■ WHAT NEEDS TO BE DONE: Below are the records; pull every line that includes "lies".

Saved data entries
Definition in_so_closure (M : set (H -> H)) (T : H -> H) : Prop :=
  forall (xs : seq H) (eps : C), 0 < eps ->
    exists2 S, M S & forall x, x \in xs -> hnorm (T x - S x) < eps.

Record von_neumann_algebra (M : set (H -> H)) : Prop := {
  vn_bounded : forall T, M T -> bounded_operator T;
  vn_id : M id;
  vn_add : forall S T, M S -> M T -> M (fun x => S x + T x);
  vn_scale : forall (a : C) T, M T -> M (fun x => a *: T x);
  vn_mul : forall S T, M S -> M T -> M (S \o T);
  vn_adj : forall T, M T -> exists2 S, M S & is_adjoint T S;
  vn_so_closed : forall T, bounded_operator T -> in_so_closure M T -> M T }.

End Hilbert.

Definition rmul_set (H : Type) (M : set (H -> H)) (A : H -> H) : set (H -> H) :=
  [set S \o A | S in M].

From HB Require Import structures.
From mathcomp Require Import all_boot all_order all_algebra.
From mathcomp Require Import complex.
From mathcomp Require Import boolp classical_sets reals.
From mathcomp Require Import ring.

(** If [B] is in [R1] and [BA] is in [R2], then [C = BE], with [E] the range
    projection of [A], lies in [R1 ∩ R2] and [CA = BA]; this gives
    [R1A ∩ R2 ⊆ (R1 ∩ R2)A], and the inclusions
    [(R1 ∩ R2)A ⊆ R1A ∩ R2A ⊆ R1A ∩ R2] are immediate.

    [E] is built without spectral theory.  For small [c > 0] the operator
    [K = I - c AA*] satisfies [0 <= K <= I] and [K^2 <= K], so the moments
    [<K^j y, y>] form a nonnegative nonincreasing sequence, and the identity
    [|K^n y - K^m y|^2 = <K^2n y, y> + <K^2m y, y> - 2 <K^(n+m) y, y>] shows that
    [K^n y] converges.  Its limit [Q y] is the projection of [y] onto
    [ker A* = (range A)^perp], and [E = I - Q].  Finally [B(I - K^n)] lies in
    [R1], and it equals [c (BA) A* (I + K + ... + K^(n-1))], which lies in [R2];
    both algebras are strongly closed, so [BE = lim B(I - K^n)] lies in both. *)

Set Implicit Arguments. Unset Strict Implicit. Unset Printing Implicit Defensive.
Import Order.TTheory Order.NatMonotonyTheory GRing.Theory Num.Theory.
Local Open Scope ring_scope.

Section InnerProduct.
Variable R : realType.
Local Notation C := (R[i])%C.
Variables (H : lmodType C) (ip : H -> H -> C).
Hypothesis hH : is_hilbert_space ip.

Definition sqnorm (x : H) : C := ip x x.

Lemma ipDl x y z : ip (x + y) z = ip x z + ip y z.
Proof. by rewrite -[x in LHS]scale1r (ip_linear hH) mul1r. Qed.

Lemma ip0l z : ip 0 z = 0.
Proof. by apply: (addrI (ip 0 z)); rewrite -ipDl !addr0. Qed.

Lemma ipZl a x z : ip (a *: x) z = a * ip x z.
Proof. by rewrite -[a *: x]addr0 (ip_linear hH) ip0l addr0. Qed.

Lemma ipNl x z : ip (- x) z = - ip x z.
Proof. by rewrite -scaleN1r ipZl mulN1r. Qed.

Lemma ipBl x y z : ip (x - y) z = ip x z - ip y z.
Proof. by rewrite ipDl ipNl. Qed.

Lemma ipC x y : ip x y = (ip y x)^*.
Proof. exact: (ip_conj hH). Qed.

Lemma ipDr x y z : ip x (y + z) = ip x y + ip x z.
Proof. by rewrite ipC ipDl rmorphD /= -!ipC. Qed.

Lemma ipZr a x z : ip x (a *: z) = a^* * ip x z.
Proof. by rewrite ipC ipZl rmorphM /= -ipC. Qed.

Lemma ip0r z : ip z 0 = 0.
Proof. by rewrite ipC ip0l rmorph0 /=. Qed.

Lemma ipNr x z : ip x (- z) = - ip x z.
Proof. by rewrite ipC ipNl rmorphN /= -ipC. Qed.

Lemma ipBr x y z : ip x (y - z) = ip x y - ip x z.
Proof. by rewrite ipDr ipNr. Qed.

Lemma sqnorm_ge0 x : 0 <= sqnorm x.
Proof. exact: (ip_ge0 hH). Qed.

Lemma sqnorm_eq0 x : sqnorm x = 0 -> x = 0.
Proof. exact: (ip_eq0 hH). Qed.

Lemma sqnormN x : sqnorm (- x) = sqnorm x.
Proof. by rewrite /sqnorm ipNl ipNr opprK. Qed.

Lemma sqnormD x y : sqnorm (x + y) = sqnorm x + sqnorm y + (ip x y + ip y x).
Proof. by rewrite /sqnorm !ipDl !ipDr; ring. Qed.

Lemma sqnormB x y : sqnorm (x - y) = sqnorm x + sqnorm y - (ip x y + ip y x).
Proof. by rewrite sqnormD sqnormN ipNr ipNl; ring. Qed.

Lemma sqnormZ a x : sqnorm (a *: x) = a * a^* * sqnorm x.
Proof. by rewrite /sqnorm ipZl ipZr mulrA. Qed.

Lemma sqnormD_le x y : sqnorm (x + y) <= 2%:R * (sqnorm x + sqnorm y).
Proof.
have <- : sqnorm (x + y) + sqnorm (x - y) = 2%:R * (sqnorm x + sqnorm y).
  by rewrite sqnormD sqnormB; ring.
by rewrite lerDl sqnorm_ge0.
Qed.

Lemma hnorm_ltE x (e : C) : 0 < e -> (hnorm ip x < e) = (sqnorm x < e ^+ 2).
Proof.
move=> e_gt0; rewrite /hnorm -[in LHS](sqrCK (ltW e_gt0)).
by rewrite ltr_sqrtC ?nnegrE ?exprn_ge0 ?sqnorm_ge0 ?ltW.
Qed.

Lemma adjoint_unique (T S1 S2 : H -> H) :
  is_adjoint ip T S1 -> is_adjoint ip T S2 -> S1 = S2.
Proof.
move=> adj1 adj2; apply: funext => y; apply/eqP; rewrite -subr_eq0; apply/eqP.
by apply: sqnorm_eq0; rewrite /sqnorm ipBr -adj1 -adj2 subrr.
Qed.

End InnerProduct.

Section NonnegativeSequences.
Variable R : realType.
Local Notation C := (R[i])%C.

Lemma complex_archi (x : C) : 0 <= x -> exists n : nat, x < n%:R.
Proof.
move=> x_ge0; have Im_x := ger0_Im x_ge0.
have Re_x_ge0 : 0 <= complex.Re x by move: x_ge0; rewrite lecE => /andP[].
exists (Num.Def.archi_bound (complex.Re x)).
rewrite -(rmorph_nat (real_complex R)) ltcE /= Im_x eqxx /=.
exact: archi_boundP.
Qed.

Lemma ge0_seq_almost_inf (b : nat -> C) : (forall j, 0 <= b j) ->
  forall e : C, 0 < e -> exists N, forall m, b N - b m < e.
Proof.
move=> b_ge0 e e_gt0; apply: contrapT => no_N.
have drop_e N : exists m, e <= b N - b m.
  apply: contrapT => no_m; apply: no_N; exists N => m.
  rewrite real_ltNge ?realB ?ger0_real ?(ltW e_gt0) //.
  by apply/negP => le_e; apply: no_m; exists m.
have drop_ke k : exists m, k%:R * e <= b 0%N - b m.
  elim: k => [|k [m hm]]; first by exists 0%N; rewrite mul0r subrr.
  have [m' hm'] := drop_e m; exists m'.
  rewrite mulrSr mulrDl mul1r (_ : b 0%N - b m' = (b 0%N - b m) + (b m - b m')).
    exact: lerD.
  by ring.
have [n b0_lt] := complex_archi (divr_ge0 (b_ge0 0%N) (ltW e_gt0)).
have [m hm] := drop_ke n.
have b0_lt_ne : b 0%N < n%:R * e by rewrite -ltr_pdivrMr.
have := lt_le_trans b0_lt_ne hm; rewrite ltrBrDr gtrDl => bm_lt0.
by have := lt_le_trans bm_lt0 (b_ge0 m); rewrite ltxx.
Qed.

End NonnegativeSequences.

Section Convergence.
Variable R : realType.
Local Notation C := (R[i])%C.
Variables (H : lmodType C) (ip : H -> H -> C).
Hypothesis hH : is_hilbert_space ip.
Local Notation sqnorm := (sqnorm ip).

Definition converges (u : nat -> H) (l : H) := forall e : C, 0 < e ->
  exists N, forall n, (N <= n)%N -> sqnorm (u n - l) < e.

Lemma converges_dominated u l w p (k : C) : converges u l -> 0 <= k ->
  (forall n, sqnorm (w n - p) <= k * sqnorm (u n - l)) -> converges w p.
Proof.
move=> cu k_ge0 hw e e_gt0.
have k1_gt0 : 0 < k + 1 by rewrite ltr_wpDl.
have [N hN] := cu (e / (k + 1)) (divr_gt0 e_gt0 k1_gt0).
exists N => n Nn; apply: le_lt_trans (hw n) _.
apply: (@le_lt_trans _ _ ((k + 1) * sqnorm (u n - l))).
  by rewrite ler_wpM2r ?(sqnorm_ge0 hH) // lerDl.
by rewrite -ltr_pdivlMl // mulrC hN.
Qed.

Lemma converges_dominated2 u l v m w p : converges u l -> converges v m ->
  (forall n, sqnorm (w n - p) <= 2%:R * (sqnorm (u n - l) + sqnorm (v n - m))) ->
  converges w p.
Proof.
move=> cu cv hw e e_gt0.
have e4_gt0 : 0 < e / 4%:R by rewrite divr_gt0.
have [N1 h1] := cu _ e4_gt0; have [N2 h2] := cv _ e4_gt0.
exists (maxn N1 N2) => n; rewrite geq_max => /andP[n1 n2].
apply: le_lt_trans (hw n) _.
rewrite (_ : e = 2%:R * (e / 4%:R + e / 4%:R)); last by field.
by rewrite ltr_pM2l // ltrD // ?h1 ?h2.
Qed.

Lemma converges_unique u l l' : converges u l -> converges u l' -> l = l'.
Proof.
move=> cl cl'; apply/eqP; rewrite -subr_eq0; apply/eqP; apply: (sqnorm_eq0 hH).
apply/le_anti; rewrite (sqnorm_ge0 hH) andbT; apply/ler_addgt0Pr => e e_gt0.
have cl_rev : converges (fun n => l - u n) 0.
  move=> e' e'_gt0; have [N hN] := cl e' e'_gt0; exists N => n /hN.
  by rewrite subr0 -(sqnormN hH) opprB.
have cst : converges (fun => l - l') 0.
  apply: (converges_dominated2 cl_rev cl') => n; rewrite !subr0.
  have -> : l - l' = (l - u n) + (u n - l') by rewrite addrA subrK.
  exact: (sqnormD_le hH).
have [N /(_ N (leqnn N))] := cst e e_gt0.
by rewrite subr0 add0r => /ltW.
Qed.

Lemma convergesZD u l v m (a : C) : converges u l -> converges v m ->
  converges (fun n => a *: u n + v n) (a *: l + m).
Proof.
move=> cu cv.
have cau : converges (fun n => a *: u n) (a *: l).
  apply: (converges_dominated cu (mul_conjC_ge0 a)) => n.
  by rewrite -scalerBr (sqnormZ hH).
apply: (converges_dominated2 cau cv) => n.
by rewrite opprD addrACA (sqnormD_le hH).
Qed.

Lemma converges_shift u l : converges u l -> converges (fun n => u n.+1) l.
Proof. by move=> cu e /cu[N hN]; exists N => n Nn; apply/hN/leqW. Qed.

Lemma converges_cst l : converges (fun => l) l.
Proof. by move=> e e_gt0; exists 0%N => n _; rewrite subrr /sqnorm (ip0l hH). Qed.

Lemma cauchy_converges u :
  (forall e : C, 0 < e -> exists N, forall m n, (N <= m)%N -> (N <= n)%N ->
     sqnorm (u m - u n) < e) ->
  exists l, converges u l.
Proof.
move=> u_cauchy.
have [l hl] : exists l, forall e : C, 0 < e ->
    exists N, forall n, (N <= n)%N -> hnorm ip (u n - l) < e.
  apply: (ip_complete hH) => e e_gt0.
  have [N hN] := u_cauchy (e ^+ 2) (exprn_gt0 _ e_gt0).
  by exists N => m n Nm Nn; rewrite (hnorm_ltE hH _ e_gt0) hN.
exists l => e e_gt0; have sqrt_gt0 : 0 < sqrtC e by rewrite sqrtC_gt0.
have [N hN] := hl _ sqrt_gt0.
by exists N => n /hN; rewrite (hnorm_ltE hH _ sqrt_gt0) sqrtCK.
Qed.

■ OUTPUT FOR THIS TASK:
    projection of [A], lies in [R1 ∩ R2] and [CA = BA]; this gives
    [ker A* = (range A)^perp], and [E = I - Q].  Finally [B(I - K^n)] lies in
    [R1], and it equals [c (BA) A* (I + K + ... + K^(n-1))], which lies in [R2];
    both algebras are strongly closed, so [BE = lim B(I - K^n)] lies in both. *)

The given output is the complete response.